Enjoy other “One Hit Wonders”:

The Night Chicago Died (Paper Lace)  – One Tin Soldier – Theme from BILLY JACK (Coven) – Long, Lonesome Highway (Michael Parks) – Na Na Hey Hey Kiss Him Goodbye (Steam) – DOA (Bloodrock) – Are You a Boy or Are You a Girl? (The Barbarians) – Why Can’t We Live Together (Timmy Thomas) – They’re Coming to Take Me Away (Napoleon XIV) – In the Year 2525 (Zager & Evans) – Summertime Blues (Blue Cheer) – Little Girl (Syndicate of Sound) – I Had Too Much To Dream (The Electric Prunes) – The Ballad of The Green Berets (SSgt. Barry Sadler) – Smell of Incense (Southwest FOB) – In The Summertime (Mungo Jerry) – The Safety Dance (Men Without Hats)

 

One Hit Wonders #17: “The Safety Dance” by Men Without Hats (Backstreet Records 1982)

When this song came on my car radio last week, I immediately knew I had to do a “One Hit Wonders” post on it, so without any further ado, here’s Canadian New Wave pop rockers Men Without Hats doing their #3 smash dance hit “The Safety Dance”:

The band was led by singer/songwriter Ivan Doroschuck, who claimed he penned the bouncy tune in response to nightclubs banning pogo dancing, then a hot thing.

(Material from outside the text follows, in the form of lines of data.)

Lemma mu_coupling p s (phi : bool * bool -> bool) r A :
  (forall b, \sum_(j | phi j == b) bern p j.1 * bern s j.2 = bern r b) ->
  mu A r = \sum_(g : pair_config | A [ffun e => phi (g e)]) pair_weight p s g.
Proof.
move=> marg; rewrite muE [RHS](partition_big (fun g : pair_config =>
  [ffun e => phi (g e)]) A) //=.
apply: eq_bigr => z Az; rewrite (eq_bigl (fun g => g \in family (fun e j => phi j == z e))).
  transitivity (\prod_e \sum_(j | phi j == z e) bern p j.1 * bern s j.2).
    by apply: eq_bigr => e _; rewrite marg.
  exact: bigA_distr_big_dep.
move=> g; apply/andP/familyP => [[_ /eqP <-] e|H]; first by rewrite unfold_in ffunE.
suff -> : [ffun e => phi (g e)] = z by rewrite Az eqxx.
by apply/ffunP => e; rewrite ffunE; apply/eqP; have := H e; rewrite unfold_in.
Qed.
Lemma sum_bool_pair (F : bool * bool -> R) :
  \sum_j F j = F (true, true) + F (true, false) + F (false, true) + F (false, false).
Proof.
rewrite (eq_bigr (fun j => F (j.1, j.2))) => [|[]//].
by rewrite -(pair_bigA _ (fun i k => F (i, k))) /= !big_bool /= addrA.
Qed.

Lemma mu_lt_increasing A p p' : increasing A -> A [ffun=> true] -> ~~ A [ffun=> false] ->
  0 <= p -> p < p' -> p' <= 1 -> mu A p < mu A p'.
Proof.
move=> incA At Af p0 pp' p'1.
have p1 : 1 - p != 0 by rewrite subr_eq0; apply/eqP => p_eq1; lra.
pose s := (p' - p) / (1 - p).
have s0 : 0 < s by rewrite divr_gt0 //; lra.
have s1 : s <= 1 by rewrite ler_pdivrMr; lra.
(* An edge open at level p' is an edge open at level p or, independently, at level s. *)
have marg_p b : \sum_(j | j.1 == b) bern p j.1 * bern s j.2 = bern p b.
  by rewrite big_mkcond sum_bool_pair; case: b; rewrite /bern /=; ring.
have marg_p' b : \sum_(j | (j.1 || j.2) == b) bern p j.1 * bern s j.2 = bern p' b.
  by rewrite big_mkcond sum_bool_pair; case: b; rewrite /bern /s /=; field.
rewrite (mu_coupling A marg_p) (mu_coupling A marg_p').
rewrite [X in _ < X](bigID (fun g : pair_config => A [ffun e => (g e).1])) /=.
rewrite [X in _ < X + _](eq_bigl (fun g : pair_config => A [ffun e => (g e).1])); last first.
  move=> g; case Ag: (A [ffun e => (g e).1]); rewrite ?andbF ?andbT //.
  by apply: incA Ag => e; rewrite !ffunE => ->.
have weight_ge0 (g : pair_config) : 0 <= pair_weight p s g.
  by apply: prodr_ge0 => e _; apply: mulr_ge0; apply: bern_ge0; lra.
(* Closed at level p and open at level s everywhere: open at p' but not at p. *)
rewrite ltrDl (bigD1 ([ffun=> (false, true)] : pair_config)) /=; last first.
  rewrite (_ : [ffun e => _] = [ffun=> true]) ?At; last by apply/ffunP => e; rewrite !ffunE.
  by rewrite (_ : [ffun e => _] = [ffun=> false]) ?Af //; apply/ffunP => e; rewrite !ffunE.
apply: ltr_pwDl; last by apply: sumr_ge0 => g _.
by apply: prodr_gt0 => e _; rewrite ffunE /bern /=; apply: mulr_gt0; lra.
Qed.
End ProductMeasure.

Section Components.
Variables (R : realType) (V : finType) (E : {set {set V}}) (x : config E).
Local Notation n := #|V|.
Local Notation open := (open_rel x).

Lemma open_rel_sym : symmetric open.
Proof.
by move=> u v; apply/existsP/existsP => -[e /and3P[xe ue ve]]; exists e; rewrite xe ue ve.
Qed.

Lemma closed_comp u : closed open (Defs.comp x u).
Proof.
move=> a b hab; rewrite !inE.
exact: (connect_closed (sym_connect_sym open_rel_sym) u hab).
Qed.

Lemma closed_setU (S T : {set V}) : closed open S -> closed open T -> closed open (S :|: T).
Proof. by move=> cS cT a b hab; rewrite !inE (cS _ _ hab) (cT _ _ hab). Qed.

Lemma closed_setC (S : {set V}) : closed open S -> closed open (~: S).
Proof. by move=> cS a b hab; rewrite !inE (cS _ _ hab). Qed.

Lemma card_comp_le_L1 u : (#|Defs.comp x u| <= L1 x)%N.
Proof. exact: (leq_bigmax (F := fun u => #|Defs.comp x u|)). Qed.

At the time of recording the song and others for the album “Rhythm of Youth”, the group consisted of Ivan’s brothers Colin (guitars) and Stefan (bass), Allen McCarthy (keyboards/electronics), and Martin Cartier (percussion). The silly, Renaissance Fair-looking video got in heavy rotation on MTV (remember when they actually played music all day?), which aided it’s rise to the top of the pop charts.

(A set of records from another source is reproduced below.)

Lemma ext_P_val (v : kg_vert (kg_remove H)) : ext_P (proj1_sig v) = kP F' v.
Proof. by case: v => v p; exact: ext_P_in. Qed.

Lemma ext_S_val (l : kg_path (kg_remove H)) : ext_S (proj1_sig l) = kS F' l.
Proof. by case: l => l p; exact: ext_S_in. Qed.

Lemma ext_Sg_val (l : kg_path (kg_remove H)) : ext_Sg (proj1_sig l) = kSg F' l.
Proof. by case: l => l p; exact: ext_Sg_in. Qed.

Let avoidsP l : ~ H (s l) -> avoids l := @notHI_source _ _ hG _ _ _ _ hF hI l.

Lemma ext_vertex e : d e = nk0 k -> ext_S e = ext_P (r e) /\ ext_Sg e = ext_P (r e).
Proof.
move=> de; have [se _ _] := deg0_id hG de.
have [Hs|Hs] := pselect (H (s e)).
  by rewrite ext_S_out // ext_Sg_out // ext_P_out // -se.
have p := avoidsP Hs; rewrite (ext_S_in p) (ext_Sg_in p) (ext_P_in p.1).
have [-> ->] := KP_vertex hF' (e := exist _ e p) de.
by split; congr (kP F' _); apply: rm_vert_eq.
Qed.

Lemma ext_idem v : ext_P v * ext_P v = ext_P v.
Proof.
have [Hv|Hv] := pselect (H v); first by rewrite ext_P_out // nmul0l.
by rewrite (ext_P_in Hv) (KP_idem hF').
Qed.

Lemma ext_orth v w : v <> w -> ext_P v * ext_P w = 0.
Proof.
move=> vw; have [Hv|Hv] := pselect (H v); first by rewrite ext_P_out // nmul0l.
have [Hw|Hw] := pselect (H w); first by rewrite (ext_P_out Hw) nmul0r.
rewrite (ext_P_in Hv) (ext_P_in Hw) (KP_orth hF') // => e; apply: vw.
exact: (congr1 (@proj1_sig _ _) e).
Qed.

Lemma ext_KP2_comp l m n : d l <> nk0 k -> d m <> nk0 k -> kg_comp G l m n ->
  ext_S l * ext_S m = ext_S n /\ ext_Sg m * ext_Sg l = ext_Sg n.
Proof.
move=> dl dm c; have [slm rn sn] := comp_rs hG c.
have [Hs|Hs] := pselect (H (s n)).
  rewrite (ext_S_out Hs) (ext_Sg_out Hs) (ext_S_out (l := m)) ?(ext_Sg_out (l := m)) -?sn //.
  by rewrite nmul0r nmul0l.
have pn := avoidsP Hs; have pm : avoids m by apply: avoidsP; rewrite -sn.
have pl : avoids l by rewrite -rn slm; split; [exact: pn.1 | exact: pm.1].
rewrite (ext_S_in pl) (ext_S_in pm) (ext_S_in pn) (ext_Sg_in pl) (ext_Sg_in pm) (ext_Sg_in pn).
exact: (KP2_comp hF' (l := exist _ l pl) (m := exist _ m pm) (n := exist _ n pn)).
Qed.

Lemma ext_KP2_proj l : d l <> nk0 k ->
  [/\ ext_P (r l) * ext_S l = ext_S l, ext_S l * ext_P (s l) = ext_S l,
      ext_P (s l) * ext_Sg l = ext_Sg l & ext_Sg l * ext_P (r l) = ext_Sg l].
Proof.
move=> dl; have [Hs|Hs] := pselect (H (s l)).
  by rewrite (ext_S_out Hs) (ext_Sg_out Hs) (ext_P_out Hs) !nmul0r !nmul0l.
have pl := avoidsP Hs.
rewrite (ext_S_in pl) (ext_Sg_in pl) (ext_P_in pl.1) (ext_P_in pl.2).
exact: (KP2_proj hF' (l := exist _ l pl) dl).
Qed.

Lemma ext_KP3 (n : Nk k) : n <> nk0 k -> forall l m, le_n n l -> le_n n m ->
  (l = m -> ext_Sg l * ext_S m = ext_P (s l)) /\ (l <> m -> ext_Sg l * ext_S m = 0).
Proof.
move=> n0 l m hl hm.
have [Hs|Hs] := pselect (H (s l)).
  by rewrite (ext_Sg_out Hs) nmul0l ext_P_out.
have [Hsm|Hsm] := pselect (H (s m)).
  by rewrite (ext_S_out Hsm) nmul0r; split => // lm; case: Hs; rewrite lm.
have pl := avoidsP Hs; have pm := avoidsP Hsm.
have [e1 e2] := KP3_le hF' n0 ((le_n_remove hG hF hI n (exist _ l pl)).2 hl)
  ((le_n_remove hG hF hI n (exist _ m pm)).2 hm).
rewrite (ext_Sg_in pl) (ext_S_in pm) (ext_P_in Hs); split => [lm|nlm].
- by subst m; rewrite e1; [congr (kP F' _); apply: rm_vert_eq | apply: rm_path_eq].
- by rewrite e2 // => e; apply: nlm; exact: (congr1 (@proj1_sig _ _) e).
Qed.

Lemma ext_KP4 v (n : Nk k) : n <> nk0 k ->
  exists sq : seq (kg_path G),
    [/\ List.NoDup sq, (forall l, List.In l sq <-> (r l = v /\ le_n n l)) &
        ext_P v = \sum_(l <- sq) ext_S l * ext_Sg l].
Proof.
move=> n0; have [L [nd hL _]] := KP4_sum hF v n0.
exists L; split => //.
have [Hv|Hv] := pselect (H v).
  rewrite ext_P_out // (eq_big_In (F2 := fun _ => 0)) ?big1 // => l /hL [rl _].
  by rewrite ext_S_out ?nmul0l //; apply: (HI_hereditary hG hF hI); rewrite rl.
rewrite (ext_P_in Hv); have [L' [nd' hL' ->]] := KP4_sum hF' (exist _ v Hv) n0.
have perm : Permutation (keep F I L) L'.
  apply: NoDup_Permutation; [exact: NoDup_keep | exact: nd' | move=> x].
  by rewrite (keep_row hG hF hI (v := exist _ v Hv) hL) hL'.
rewrite -(Permutation_sum (fun x => kS F' x * kSg F' x) perm) -(sum_keep (F := F) (I := I)
  (g := fun l => ext_S l * ext_Sg l)).
- by apply: eq_bigr => -[x px] _; rewrite (ext_S_in px) (ext_Sg_in px).
- by move=> l /hL [-> _].
- by move=> l Hs; rewrite ext_S_out ?nmul0l.
Qed.

Lemma extension_family_KP : is_KP_family extension_family.
Proof.
split; first exact: ext_vertex.
split; first exact: ext_idem.
split; first exact: ext_orth.
split; first exact: ext_KP2_comp.
split; first exact: ext_KP2_proj.
split; first exact: ext_KP3.
exact: ext_KP4.
Qed.
End ExtensionFamily.

Section Isomorphism.
Variables (k : nat) (G : kgraph_data k).
Hypothesis hG : is_kgraph G.
Variables (R : comPzRingType) (A : nalg R) (F : kpfam G A) (I : A -> Prop).
Hypotheses (hUF : is_universal_KP F) (hI : is_ideal I).
Hypotheses (hb : basic_ideal F I) (hg : graded_ideal F I).
Local Notation H := (HI F I).
Variables (B : nalg R) (F' : kpfam (kg_remove H) B).
Hypothesis hUF' : is_universal_KP F'.
Variables (theta : B -> Qalg hI) (phi : A -> B).
Hypotheses (htheta : is_alg_hom theta) (hphi : is_alg_hom phi).
Hypotheses
  (thetaP : forall v, theta (kP F' v) = qclass I (kP F (proj1_sig v)))
  (thetaS : forall l, theta (kS F' l) = qclass I (kS F (proj1_sig l)))
  (thetaSg : forall l, theta (kSg F' l) = qclass I (kSg F (proj1_sig l))).
Hypotheses
  (phiP : forall v, phi (kP F v) = ext_P F' v)
  (phiS : forall l, phi (kS F l) = ext_S F' l)
  (phiSg : forall l, phi (kSg F l) = ext_Sg F' l).
Let hF : is_KP_family F := hUF.1.

(* phi kills every s_a s_{b^*} with s(b) in H(I), hence all of I. *)
Lemma phi_ideal a : I a -> phi a = 0.
Proof.
move=> Ia; apply: (kill_graded_ideal hG hF hI hb (alg_homD hphi) (alg_homZ hphi) _ hg Ia).
move=> x y _ Hs.
by rewrite (alg_homM hphi) phiSg ext_Sg_out ?nmul0r.
Qed.

Local Notation psi := (qlift (hI := hI) phi).
Let psi_qclass := qlift_qclass hI hphi phi_ideal.

Lemma psi_theta x : psi (theta x) = x.
Proof.
have hpsi := qlift_hom hI hphi phi_ideal.
apply: (universal_ext hUF' (alg_hom_comp htheta hpsi) (g2 := id)) => // [v|l|l].
- by rewrite thetaP psi_qclass phiP ext_P_val.
- by rewrite thetaS psi_qclass phiS ext_S_val.
- by rewrite thetaSg psi_qclass phiSg ext_Sg_val.
Qed.

Lemma theta_psi X : theta (psi X) = X.
Proof.
have theta0 := additive0 (alg_homD htheta).
elim/quot_ind: X => a; rewrite psi_qclass.
apply: (universal_ext hUF (alg_hom_comp hphi htheta) (qclass_hom hI)) => [v|l|l].
- rewrite phiP; have [Hv|Hv] := pselect (H v).
    by rewrite ext_P_out // theta0 qclass_ideal.
  by rewrite (ext_P_in F' Hv) thetaP.
- rewrite phiS; have [Hs|Hs] := pselect (H (kg_s G l)).
    by rewrite ext_S_out // theta0 qclass_ideal //; exact: (S_in_ideal hG hF hI Hs).
  by rewrite (ext_S_in F' (notHI_source hG hF hI Hs)) thetaS.
- rewrite phiSg; have [Hs|Hs] := pselect (H (kg_s G l)).
    by rewrite ext_Sg_out // theta0 qclass_ideal //; exact: (Sg_in_ideal hG hF hI Hs).
  by rewrite (ext_Sg_in F' (notHI_source hG hF hI Hs)) thetaSg.
Qed.
End Isomorphism.

Unset Implicit Arguments.

Theorem mainTheorem1 (k : nat) (G : kgraph_data k) (R : comPzRingType)
  (A : nalg R) (F : kpfam G A) (I : A -> Prop)
  (B : nalg R) (F' : kpfam (kg_remove (HI F I)) B) :
  is_kgraph G -> row_finite G -> locally_convex G ->
  is_universal_KP F ->
  is_ideal I -> basic_ideal F I -> graded_ideal F I ->
  is_universal_KP F' ->
  [/\ is_kgraph (kg_remove (HI F I)),
      row_finite (kg_remove (HI F I)),
      locally_convex (kg_remove (HI F I)) &
      exists pi : B -> quot I,
        [/\ is_quot_iso pi,
            (forall v, pi (kP F' v) = qclass I (kP F (proj1_sig v))),
            (forall l, kg_deg _ l <> nk0 k ->
               pi (kS F' l) = qclass I (kS F (proj1_sig l))) &
            (forall l, kg_deg _ l <> nk0 k ->
               pi (kSg F' l) = qclass I (kSg F (proj1_sig l)))]].
Proof.
move=> hG rf lc hUF hI hb hg hUF'; have [hF hU] := hUF; have [hF' hU'] := hUF'.
split; [exact: (remove_kgraph hG hF hI) | exact: remove_row_finite |
        exact: (remove_locally_convex hG hF hI lc) |].
have [theta [htheta thetaP thetaS thetaSg _]] :=
  hU' _ _ (quotient_family_KP hG hF hI).
have [phi [hphi phiP phiS phiSg _]] := hU _ _ (extension_family_KP hG hF hI hF').
have psi_theta := psi_theta hG hUF hb hg hUF' htheta hphi thetaP thetaS thetaSg
  phiP phiS phiSg.
have theta_psi := theta_psi hG hUF hb hg htheta hphi thetaP thetaS thetaSg
  phiP phiS phiSg.
exists theta; split => //; split; first exact: alg_hom_quot_hom.
- exact: can_inj psi_theta.
- by move=> X; exists (qlift (hI := hI) phi X); exact: theta_psi.
Qed.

Men Without Hats have gone through multiple personell changes over the years, with Ivan Doroschuck the one constant. But never again would they hit the lofty heights of their one hit wonder, that peppy, synth-heavy little dance number from The Golden Age of New Wave. I still crank it up whenever it comes on the radio… and I bet you do, too!